Marnie is an English crime novel, written by Winston Graham and first published in 1961. It has been adapted as a film, a stage play and an opera.

==Plot==
Marnie is about a young woman who makes a living by embezzling her employers' funds, moving on, and changing her identity. Her criminal behaviour is described in detail, but her motives remain obscure, as she is a capable person who would have likely fared well in an honest career.

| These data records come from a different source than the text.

(* Let $\mathbf{Y}$ be the class of all finite target sets $\mathcal{Y}$ (each target $y$ equipped with a vector $\vec{t}(y)\in\mathbb{R}^R$), and let $\mathbf{A}$ be the class of deterministic algorithms that, for every query $x$ (with vector $\vec{u}(x)\in\mathbb{R}^R$) and every $K$, exactly compute a top-$K$ set $S_x^K\in\arg\max_{\mathcal{S}\in[\mathcal{Y}]^K}\min_{y\in\mathcal{S}}s(x,y)$, where $s(x,y)=\vec{u}(x)^\intercal\vec{t}(y)$, without making wild guesses. Then Fagin's algorithm is not instance-optimal over $\mathbf{A}$ and $\mathbf{Y}$.
   Context: $[\mathcal{Y}]^K$ denotes the set of all $K$-element subsets of $\mathcal{Y}$. Access model: for each $r=1,\dots,R$ there is a list $L_r$ of all targets sorted so that $u_r(x)t_r(y)$ is non-increasing along the list; algorithms discover targets by reading these lists sequentially (sorted access) and may compute scores $s(x,y)$ of targets. An algorithm makes a wild guess if it computes $s(x,y)$ for a target $y$ before $y$ has been observed in any of the lists $L_1,\dots,L_R$. Fagin's algorithm: read the lists $L_1,\dots,L_R$ in parallel, one position per list per step, until at least $K$ targets have been observed in every one of the $R$ lists; then compute $s(x,y)$ for every target observed so far and return the $K$ highest-scoring ones. Instance optimality: writing $\mathrm{cost}(\mathcal{A},\mathcal{Y},x)$ for the cost (running time) of algorithm $\mathcal{A}$ on target set $\mathcal{Y}$ and query $x$, an algorithm $\mathcal{B}\in\mathbf{A}$ is instance-optimal over $\mathbf{A}$ and $\mathbf{Y}$ if there exist constants $c,c'$ such that $\mathrm{cost}(\mathcal{B},\mathcal{Y},x)\le c\cdot\mathrm{cost}(\mathcal{A},\mathcal{Y},x)+c'$ for every $\mathcal{A}\in\mathbf{A}$, every $\mathcal{Y}\in\mathbf{Y}$ and every query $x$. *)

From Stdlib Require Import Reals.
From mathcomp Require Import all_boot all_order all_algebra.
From mathcomp Require Import Rstruct.
Import Order.TTheory GRing.Theory Num.Theory.
Lemma slack_ratio_le_expR_hilbert K w g p x : Defs.convex_set K -> compact K ->
  interior K w -> interior K g -> polar K p -> polar K x ->
  slack_ratio p x g <= expR (2 * hilbert_dist K w g) * slack_ratio p x w.
Proof.
move=> cvK cK iw ig Kp Kx.
have [r1 [r2 [r1_ge1 r2_ge1 <- H]]] := hilbert_dist_slack cvK cK iw ig.
have [[_ hp] [hx _]] := (H p Kp, H x Kx).
have wp := interior_polar_dotp_lt1 iw Kp; have gp := interior_polar_dotp_lt1 ig Kp.
have gx := interior_polar_dotp_lt1 ig Kx; rewrite /slack_ratio.
rewrite ler_pdivrMr ?subr_gt0 // -subr_ge0.
have -> : r1 * r2 * ((1 - dotp w x) / (1 - dotp w p)) * (1 - dotp g p) - (1 - dotp g x)
    = ((r1 * (1 - dotp w x)) * (r2 * (1 - dotp g p)) - (1 - dotp g x) * (1 - dotp w p))
      / (1 - dotp w p).
  by field; rewrite gt_eqF ?subr_gt0.
apply: divr_ge0; last by rewrite subr_ge0 ltW.
by rewrite subr_ge0 ler_pM // subr_ge0 ltW.
Qed.

End HilbertSlack.

Section PolarRay.
Variables (R : realType) (d : nat).
Local Notation V := 'rV[R]_d.
Variables (X : set V) (B r : R).
Hypotheses (B_gt0 : 0 < B) (dotp_le : forall w y, X w -> `|dotp w y| <= B * `|y|).
Hypotheses (r_gt0 : 0 < r) (ball_sub : forall w, `|w| < r -> X w).

Lemma polar_interior y dl : 0 < dl -> (forall w, X w -> dl <= 1 - dotp w y) ->
  interior (polar X) y.
Proof.
move=> dl0 Hdl; apply/interiorP; exists (dl / B); first exact: divr_gt0.
move=> z; rewrite ltr_pdivlMr // => yz w Xw.
have := dotp_le (y - z) Xw; have := Hdl w Xw.
by rewrite dotpBr ler_norml => h /andP[h1 _]; lra.
Qed.

Section Ray.
Variables (p x : V) (dp dx : R).
Hypotheses (dp_gt0 : 0 < dp) (slack_p : forall w, X w -> dp <= 1 - dotp w p).
Hypotheses (dx_gt0 : 0 < dx) (slack_x : forall w, X w -> dx <= 1 - dotp w x).
Hypothesis p_neq_x : p != x.
(* Let $G$ be a finite bipartite graph with vertex classes $A$ and $B$, and let $\lambda\geq 1$ be a real number. Then at least one of the following holds: (1) there is a vertex $v\in B$ and sets $A'\subseteq N(v)$ and $B'\subseteq B\setminus\{v\}$ such that $d(G[A',B'])\geq \lambda$; (2) there is a spanning subgraph $H\subseteq G$ with $d(H)\geq d(G)/(\lambda+1)$ and $d_H(x,y)\leq \lambda$ for all distinct $x,y\in B$.
   Context: $N(v)$ is the neighbourhood of $v$ in $G$. For disjoint vertex sets $A',B'$, $G[A',B']$ is the bipartite subgraph of $G$ with vertex set $A'\cup B'$ consisting of all edges of $G$ between $A'$ and $B'$. $d(\cdot)$ denotes average degree, $d(F)=2e(F)/|V(F)|$. For vertices $x,y$, the codegree $d_H(x,y)$ is the number of common neighbours of $x$ and $y$ in $H$. A spanning subgraph has the same vertex set as $G$. *)

From HB Require Import structures.
From mathcomp Require Import all_boot all_order all_algebra.
From mathcomp Require Import reals.
Set Implicit Arguments. Unset Strict Implicit. Unset Printing Implicit Defensive.
Import Order.TTheory GRing.Theory Num.Theory.
Local Open Scope ring_scope.

(* A finite bipartite graph with vertex classes A and B (finite types, the
   vertex set is the disjoint union A + B) is given by its edge set
   G : {set A * B}; the edge {a,b} is the pair (a,b). *)

Section Bip.
Variables (A B : finType).

Definition nbhB (G : {set A * B}) (v : B) : {set A} := [set a | (a, v) \in G].

Definition bip_edges (G : {set A * B}) (A' : {set A}) (B' : {set B})
  : {set A * B} := [set p in G | (p.1 \in A') && (p.2 \in B')].

(* average degree 2 e(F) / |V(F)| (0 if F has no vertices) *)
Definition avgdeg {R : realType} (e v : nat) : R := (2 * e)%:R / v%:R.

Definition d_induced {R : realType} (G : {set A * B}) (A' : {set A})
  (B' : {set B}) : R := avgdeg #|bip_edges G A' B'| (#|A'| + #|B'|).

Definition d_graph {R : realType} (H : {set A * B}) : R :=
  avgdeg #|H| (#|A| + #|B|).

Definition codeg (H : {set A * B}) (x y : B) : nat :=
  #|[set a | ((a, x) \in H) && ((a, y) \in H)]|.

End Bip.

From HB Require Import structures.
From mathcomp Require Import all_boot all_order all_algebra.
From mathcomp Require Import reals.
From mathcomp Require Import lra ring.
Import Order.TTheory GRing.Theory Num.Theory.
Local Open Scope ring_scope.

(* Call distinct x, y in B heavy if their codegree exceeds lambda, and let
   Y(v) be the set of heavy partners of v.  Every y in Y(v) has more than
   lambda neighbours in N(v), so e(G[N(v), Y(v)]) >= lambda |Y(v)|; hence if
   e(G[N(v), Y(v)]) > lambda |N(v)| for some v, then G[N(v), Y(v)] has average
   degree at least lambda.  Otherwise, for each a in A take, by Caro-Wei, a set
   I(a) of pairwise light vertices in N(a) with |I(a)| >= sum_(u in N(a))
   1/(t(a,u)+1), where t(a,u) counts the heavy partners of u in N(a), and keep
   only the edges from each a to I(a).  Heavy pairs then have no common
   neighbour and light pairs have codegree at most lambda, while double
   counting and the convexity of t |-> 1/(t+1) give e(H) >= e(G)/(lambda+1). *)

Lemma ler_inv_natS (R : numFieldType) (m n : nat) :
  (m <= n)%N -> n.+1%:R^-1 <= m.+1%:R^-1 :> R.
Proof. by move=> le_mn; rewrite lef_pV2 ?posrE ?ltr0Sn // ler_nat. Qed.

Section CaroWei.
#[local] Set Implicit Arguments.
#[local] Unset Strict Implicit.
Variables (T : finType) (r : rel T).
Hypotheses (r_sym : symmetric r) (r_irr : irreflexive r).

Definition deg_in (S : {set T}) (u : T) : nat := #|[set y in S | r u y]|.

Definition cnbh_in (S : {set T}) (v : T) : {set T} := v |: [set y in S | r v y].

Definition stable (I : {set T}) : Prop := {in I &, forall x y, ~~ r x y}.

Lemma deg_in_subset (S S' : {set T}) (u : T) :
  S' \subset S -> (deg_in S' u <= deg_in S u)%N.
Proof.
move=> sub; apply/subset_leq_card/subsetP => y; rewrite !inE.
by case/andP => /(subsetP sub) -> ->.
Qed.

Lemma card_cnbh_in (S : {set T}) (v : T) : #|cnbh_in S v| = (deg_in S v).+1.
Proof. by rewrite cardsU1 inE r_irr andbF. Qed.

Lemma cnbh_in_subset (S : {set T}) (v : T) : v \in S -> cnbh_in S v \subset S.
Proof.
move=> vS; rewrite subUset sub1set vS.
by apply/subsetP => y; rewrite inE => /andP[].
Qed.

Lemma sum_inv_deg_cnbh_le1 (R : numFieldType) (S : {set T}) (v : T) :
  v \in S -> (forall u, u \in S -> deg_in S v <= deg_in S u)%N ->
  \sum_(u in cnbh_in S v) (deg_in S u).+1%:R^-1 <= 1 :> R.
Proof.
move=> vS v_min.
apply: (@le_trans _ _ (\sum_(u in cnbh_in S v) (deg_in S v).+1%:R^-1)).
  apply: ler_sum => u /(subsetP (cnbh_in_subset vS)) uS.
  exact/ler_inv_natS/v_min.
by rewrite sumr_const card_cnbh_in -[leLHS]mulr_natr mulVf ?pnatr_eq0.
Qed.

(* Greedily take a vertex of minimum degree and delete its closed
   neighbourhood; deleting vertices only raises the remaining weights. *)
Lemma caro_wei (R : numFieldType) (S : {set T}) :
  exists I : {set T}, [/\ I \subset S, stable I &
    \sum_(u in S) (deg_in S u).+1%:R^-1 <= #|I|%:R :> R].
Proof.
have [n] := ubnP #|S|; elim: n S => // n IH S; rewrite ltnS => card_S.
have [->|[v0 v0S]] := set_0Vmem S.
  by exists set0; rewrite sub0set big_set0 cards0; split=> // x y; rewrite inE.
case: (arg_minnP (deg_in S) v0S) => v vS v_min.
have {}vS : v \in S by [].
set S' := S :\: cnbh_in S v.
have vS' : v \notin S' by rewrite !inE eqxx.
have S'S : S' \subset S by apply: subsetDl.
have [|I [IS' I_stable I_large]] := IH S'.
  apply: leq_trans card_S; apply/proper_card/properP; split=> //.
  by exists v.
have vI : v \notin I by apply: contra vS' => /(subsetP IS').
have v_nadj y : y \in I -> ~~ r v y.
  move=> /(subsetP IS'); rewrite !inE negb_or => /andP[/andP[_]].
  by case: (y \in S).
exists (v |: I); split.
- by rewrite subUset sub1set vS (subset_trans IS' S'S).
- move=> x y; rewrite !inE => /predU1P[->|xI] /predU1P[->|yI].
  + by rewrite r_irr.
  + exact: v_nadj.
  + by rewrite r_sym v_nadj.
  + exact: I_stable.
rewrite cardsU1 vI natrD (big_setID (cnbh_in S v)) /=.
rewrite (setIidPr (cnbh_in_subset vS)); apply: lerD.
  exact: sum_inv_deg_cnbh_le1.
apply: le_trans I_large; apply: ler_sum => u _.
exact/ler_inv_natS/deg_in_subset.
Qed.

End CaroWei.

Lemma inv_add1_ge_tangent (R : realFieldType) (l t : R) : 0 <= l -> 0 <= t ->
  (2 * l + 1 - t) / (l + 1) ^+ 2 <= (t + 1)^-1.
Proof.
move=> l_ge0 t_ge0; rewrite -subr_ge0.
have l1_neq0 : l + 1 != 0 by rewrite lt0r_neq0 // ltr_wpDl.
have t1_neq0 : t + 1 != 0 by rewrite lt0r_neq0 // ltr_wpDl.
have -> : (t + 1)^-1 - (2 * l + 1 - t) / (l + 1) ^+ 2
          = (l - t) ^+ 2 / ((t + 1) * (l + 1) ^+ 2).
  by field; rewrite t1_neq0 l1_neq0.
by rewrite divr_ge0 ?sqr_ge0 // mulr_ge0 ?sqr_ge0 // addr_ge0.
Qed.

(* Convexity of t |-> 1/(t+1), through its tangent line at t = l. *)
Lemma sum_inv_add1_ge (R : realFieldType) (I : finType) (N : {set I})
    (t : I -> R) (l : R) :
  0 <= l -> (forall i, 0 <= t i) -> \sum_(i in N) t i <= l * #|N|%:R ->
  #|N|%:R / (l + 1) <= \sum_(i in N) (t i + 1)^-1.
Proof.
move=> l_ge0 t_ge0 sum_t_le.
have tangent_sum : \sum_(i in N) (2 * l + 1 - t i) / (l + 1) ^+ 2
                   <= \sum_(i in N) (t i + 1)^-1.
  by apply: ler_sum => i _; apply: inv_add1_ge_tangent.
apply: le_trans tangent_sum.
rewrite -mulr_suml sumrB sumr_const.
have l1_neq0 : l + 1 != 0 by rewrite lt0r_neq0 // ltr_wpDl.
have -> : #|N|%:R / (l + 1) = #|N|%:R * (l + 1) / (l + 1) ^+ 2 by field.
rewrite ler_wpM2r ?invr_ge0 ?sqr_ge0 // -mulr_natr.
lra.
Qed.

Section BipartiteCounting.
#[local] Set Implicit Arguments.
#[local] Unset Strict Implicit.
Variables (A B : finType).
Implicit Types (G H : {set A * B}) (I : A -> {set B}).

Definition nbhA G (a : A) : {set B} := [set b | (a, b) \in G].

Lemma big_edges_nbhA (R : Type) (idx : R) (op : Monoid.com_law idx) G
    (F : A -> B -> R) :
  \big[op/idx]_(p in G) F p.1 p.2
  = \big[op/idx]_a \big[op/idx]_(b in nbhA G a) F a b.
Proof. by rewrite pair_big_dep; apply: eq_bigl => -[a b]; rewrite !inE. Qed.

Lemma big_edges_nbhB (R : Type) (idx : R) (op : Monoid.com_law idx) G
    (F : A -> B -> R) :
  \big[op/idx]_(p in G) F p.1 p.2
  = \big[op/idx]_b \big[op/idx]_(a in nbhB G b) F a b.
Proof.
rewrite big_edges_nbhA (exchange_big_dep predT) //.
by apply: eq_bigr => b _; apply: eq_bigl => a; rewrite !inE.
Qed.

Lemma card_edges_nbhA G : #|G| = (\sum_a #|nbhA G a|)%N.
Proof.
rewrite -sum1_card (big_edges_nbhA _ _ (fun _ _ => 1%N)).
by apply: eq_bigr => a _; rewrite sum1_card.
Qed.

Lemma card_edges_nbhB G : #|G| = (\sum_b #|nbhB G b|)%N.
Proof.
rewrite -sum1_card (big_edges_nbhB _ _ (fun _ _ => 1%N)).
by apply: eq_bigr => b _; rewrite sum1_card.
Qed.

Lemma card_bip_edges_nbhA G (A' : {set A}) (B' : {set B}) :
  #|bip_edges G A' B'| = (\sum_(a in A') #|nbhA G a :&: B'|)%N.
Proof.
rewrite card_edges_nbhA [RHS]big_mkcond; apply: eq_bigr => a _.
case: ifP => aA'; last first.
  by apply/eqP; rewrite cards_eq0; apply/eqP/setP => b; rewrite !inE aA' andbF.
by apply: eq_card => b; rewrite !inE aA'.
Qed.

Lemma card_bip_edges_nbhB G (A' : {set A}) (B' : {set B}) :
  #|bip_edges G A' B'| = (\sum_(b in B') #|nbhB G b :&: A'|)%N.
Proof.
rewrite card_edges_nbhB [RHS]big_mkcond; apply: eq_bigr => b _.
case: ifP => bB'; last first.
  by apply/eqP; rewrite cards_eq0; apply/eqP/setP => a; rewrite !inE bB' !andbF.
by apply: eq_card => a; rewrite !inE bB' andbT.
Qed.

Lemma codegE G (x y : B) : codeg G x y = #|nbhB G x :&: nbhB G y|.
Proof. by apply: eq_card => a; rewrite !inE. Qed.

Lemma d_induced_ge (R : realType) G (A' : {set A}) (B' : {set B}) (l : R) :
  0 <= l -> l * #|A'|%:R < #|bip_edges G A' B'|%:R ->
  l * #|B'|%:R <= #|bip_edges G A' B'|%:R ->
  l <= d_induced G A' B'.
Proof.
move=> l_ge0 A'_sparse B'_sparse.
have A'_gt0 : (0 < #|A'|)%N.
  rewrite lt0n; apply: contraTneq A'_sparse => /eqP.
  rewrite cards_eq0 => /eqP A'0.
  by rewrite card_bip_edges_nbhA A'0 big_set0 cards0 mulr0 ltxx.
rewrite /d_induced /avgdeg ler_pdivlMr ?ltr0n ?ltn_addr // natrM natrD.
lra.
Qed.

Definition select_edges G (I : A -> {set B}) : {set A * B} :=
  [set p in G | p.2 \in I p.1].

Lemma select_edges_subset G I : select_edges G I \subset G.
Proof. by apply/subsetP => p; rewrite inE => /andP[]. Qed.

Lemma card_select_edges G I : (forall a, I a \subset nbhA G a) ->
  #|select_edges G I| = (\sum_a #|I a|)%N.
Proof.
move=> I_sub; rewrite card_edges_nbhA; apply: eq_bigr => a _.
apply: eq_card => b; rewrite !inE /= andb_idl //.
by move=> /(subsetP (I_sub a)); rewrite inE.
Qed.

Lemma codeg_select_edges_le G I (x y : B) :
  (codeg (select_edges G I) x y <= codeg G x y)%N.
Proof.
apply/subset_leq_card/subsetP => a; rewrite !inE /=.
by case/andP => /andP[-> _] /andP[-> _].
Qed.

Lemma codeg_select_edges_eq0 G I (x y : B) :
  (forall a, x \in I a -> y \notin I a) -> codeg (select_edges G I) x y = 0%N.
Proof.
move=> xy_apart; apply/eqP; rewrite cards_eq0; apply/eqP/setP => a.
rewrite !inE /=; apply/negP => /andP[/andP[_ xI] /andP[_ yI]].
by move: (xy_apart a xI); rewrite yI.
Qed.

Lemma d_graph_div_le (R : realType) G H (c : R) :
  #|G|%:R / c <= #|H|%:R -> d_graph G / c <= d_graph H.
Proof.
move=> GH; rewrite /d_graph /avgdeg !natrM mulrAC -(mulrA 2 _ c^-1).
by rewrite ler_wpM2r ?invr_ge0 ?ler0n // ler_wpM2l.
Qed.

End BipartiteCounting.

Section HeavyPairs.
#[local] Set Implicit Arguments.
#[local] Unset Strict Implicit.
Variables (R : realType) (A B : finType) (G : {set A * B}) (lambda : R).
Hypothesis lambda_ge0 : 0 <= lambda.

Definition heavy (x y : B) : bool := (x != y) && (lambda < (codeg G x y)%:R).

Definition heavy_nbrs (v : B) : {set B} := [set y | heavy v y].

Lemma heavy_sym : symmetric heavy.
Proof. by move=> x y; rewrite /heavy eq_sym !codegE setIC. Qed.

Lemma heavy_irr : irreflexive heavy.
Proof. by move=> x; rewrite /heavy eqxx. Qed.

Lemma heavy_nbrs_subset (v : B) : heavy_nbrs v \subset [set~ v].
Proof. by apply/subsetP => y; rewrite !inE eq_sym => /andP[]. Qed.

Lemma heavy_nbrs_edges_ge (v : B) :
  lambda * #|heavy_nbrs v|%:R <= #|bip_edges G (nbhB G v) (heavy_nbrs v)|%:R.
Proof.
rewrite card_bip_edges_nbhB natr_sum mulr_natr -sumr_const.
by apply: ler_sum => y; rewrite inE /heavy codegE setIC => /andP[_ /ltW].
Qed.

Lemma deg_heavy_nbhA (a : A) (v : B) :
  deg_in heavy (nbhA G a) v = #|nbhA G a :&: heavy_nbrs v|.
Proof. by apply: eq_card => y; rewrite !inE. Qed.

Hypothesis heavy_nbrs_sparse : forall v : B,
  #|bip_edges G (nbhB G v) (heavy_nbrs v)|%:R <= lambda * #|nbhB G v|%:R.

(* Reindex the sum by the B-endpoint v of each edge: over the neighbours a
   of v the degrees of v add up to e(G[N(v), Y(v)]) <= lambda |N(v)|, so by
   convexity the weights at v add up to at least |N(v)| / (lambda + 1). *)
Lemma edges_div_le_sum_weights :
  #|G|%:R / (lambda + 1)
  <= \sum_a \sum_(u in nbhA G a) (deg_in heavy (nbhA G a) u).+1%:R^-1.
Proof.
pose w a u : R := (deg_in heavy (nbhA G a) u).+1%:R^-1.
rewrite -(big_edges_nbhA _ _ w) (big_edges_nbhB _ _ w) card_edges_nbhB.
rewrite natr_sum mulr_suml; apply: ler_sum => v _; rewrite /w.
under eq_bigr do rewrite -natr1.
apply: sum_inv_add1_ge => //.
rewrite -natr_sum (eq_bigr _ (fun a _ => deg_heavy_nbhA a v)).
by rewrite -card_bip_edges_nbhA.
Qed.

Lemma sparse_subgraph_exists : exists H : {set A * B},
  [/\ H \subset G, d_graph G / (lambda + 1) <= d_graph H &
      forall x y : B, x != y -> (codeg H x y)%:R <= lambda].
Proof.
have [I /all_and3[I_sub I_stable I_large]] :=
  fin_all_exists (fun a => caro_wei heavy_sym heavy_irr R (nbhA G a)).
exists (select_edges G I); split.
- exact: select_edges_subset.
- apply: d_graph_div_le; rewrite card_select_edges // natr_sum.
  apply: le_trans edges_div_le_sum_weights _.
  by apply: ler_sum => a _; apply: I_large.
- move=> x y x_neq_y; have [xy_heavy | xy_light] := boolP (heavy x y).
    rewrite codeg_select_edges_eq0 ?ler0n // => a xI.
    by apply: contraL xy_heavy => yI; apply: I_stable xI yI.
  apply: (@le_trans _ _ (codeg G x y)%:R).
    by rewrite ler_nat codeg_select_edges_le.
  by move: xy_light; rewrite /heavy x_neq_y -leNgt.
Qed.

End HeavyPairs.

Theorem lemma5 (R : realType) (A B : finType) (G : {set A * B})
  (lambda : R) (hlambda : 1 <= lambda) :
  (exists (v : B) (A' : {set A}) (B' : {set B}),
      [/\ A' \subset nbhB G v, B' \subset [set~ v] &
          lambda <= d_induced G A' B'])
  \/
  (exists H : {set A * B},
      [/\ H \subset G,
          d_graph G / (lambda + 1) <= d_graph H &
          forall x y : B, x != y -> (codeg H x y)%:R <= lambda]).
Proof.
have lambda_ge0 : 0 <= lambda by apply: le_trans hlambda.
case: (boolP [exists v, lambda * #|nbhB G v|%:R
                        < #|bip_edges G (nbhB G v) (heavy_nbrs G lambda v)|%:R]).
  case/existsP => v dense; left; exists v, (nbhB G v), (heavy_nbrs G lambda v).
  split; [exact: subxx | exact: heavy_nbrs_subset |].
  exact: d_induced_ge dense (heavy_nbrs_edges_ge _ _ _).
rewrite negb_exists => /forallP sparse; right.
by apply: sparse_subgraph_exists => // v; rewrite leNgt sparse.
Qed.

She is finally caught in the act by one of her employers, a young widower named Mark Rutland, who blackmails her into marriage. Two shocking events near the end of the story send the troubled woman to the brink of suicide, and she must eventually face the trauma from her past that is the root cause of her behaviour.

==Adaptations==
The book was the basis for Alfred Hitchcock's suspense film Marnie (1964), in which the setting was changed from England to the United States. Details of the story were changed, as well as the ending, which was changed to have a more optimistic note. The book was also adapted into a stage play by Sean O'Connor in 2001, a radio play by John Kirkmorris in 1975 and one by Shaun McKenna in 2011. An English National Opera production of Nico Muhly’s adaptation, Marnie, with a libretto by Nicholas Wright, premiered on 18 November 2017 at the London Coliseum, with Marnie sung by Sasha Cooke. The co-production with the Metropolitan Opera had its American premiere on 19 October 2018, starring Isabel Leonard in the title role.

==Inspiration==
In Tony Lee Moral's book Hitchcock and the Making of Marnie, Winston Graham revealed that the inspiration for Marnie came from three real-life incidents:

- His younger child's babysitter was an attractive girl who was constantly taking showers and receiving letters from her mother about the dangers of getting involved with men, and she had a strong interest in riding horses.
- A newspaper article about a woman who changed her appearance as she moved from job to job, stealing money from her employers.
- A wife with three children whose husband was away at sea slept with many sailors, became pregnant, killed the baby soon after it was born, went to trial and was acquitted by reason of temporary insanity. Soon after that, her young son started stealing things.
Although Graham never acknowledged it, inspiration almost certainly came as well from a 1960 The Twilight Zone episode called Nightmare as a Child. The main character is a woman nicknamed Markie who as a little girl witnessed her mother being murdered by a lover and, traumatised, suppressed this memory.

==Current edition==
- Marnie (House of Stratus, 2002), ISBN 0-7551-0900-7 (hardbound reprint)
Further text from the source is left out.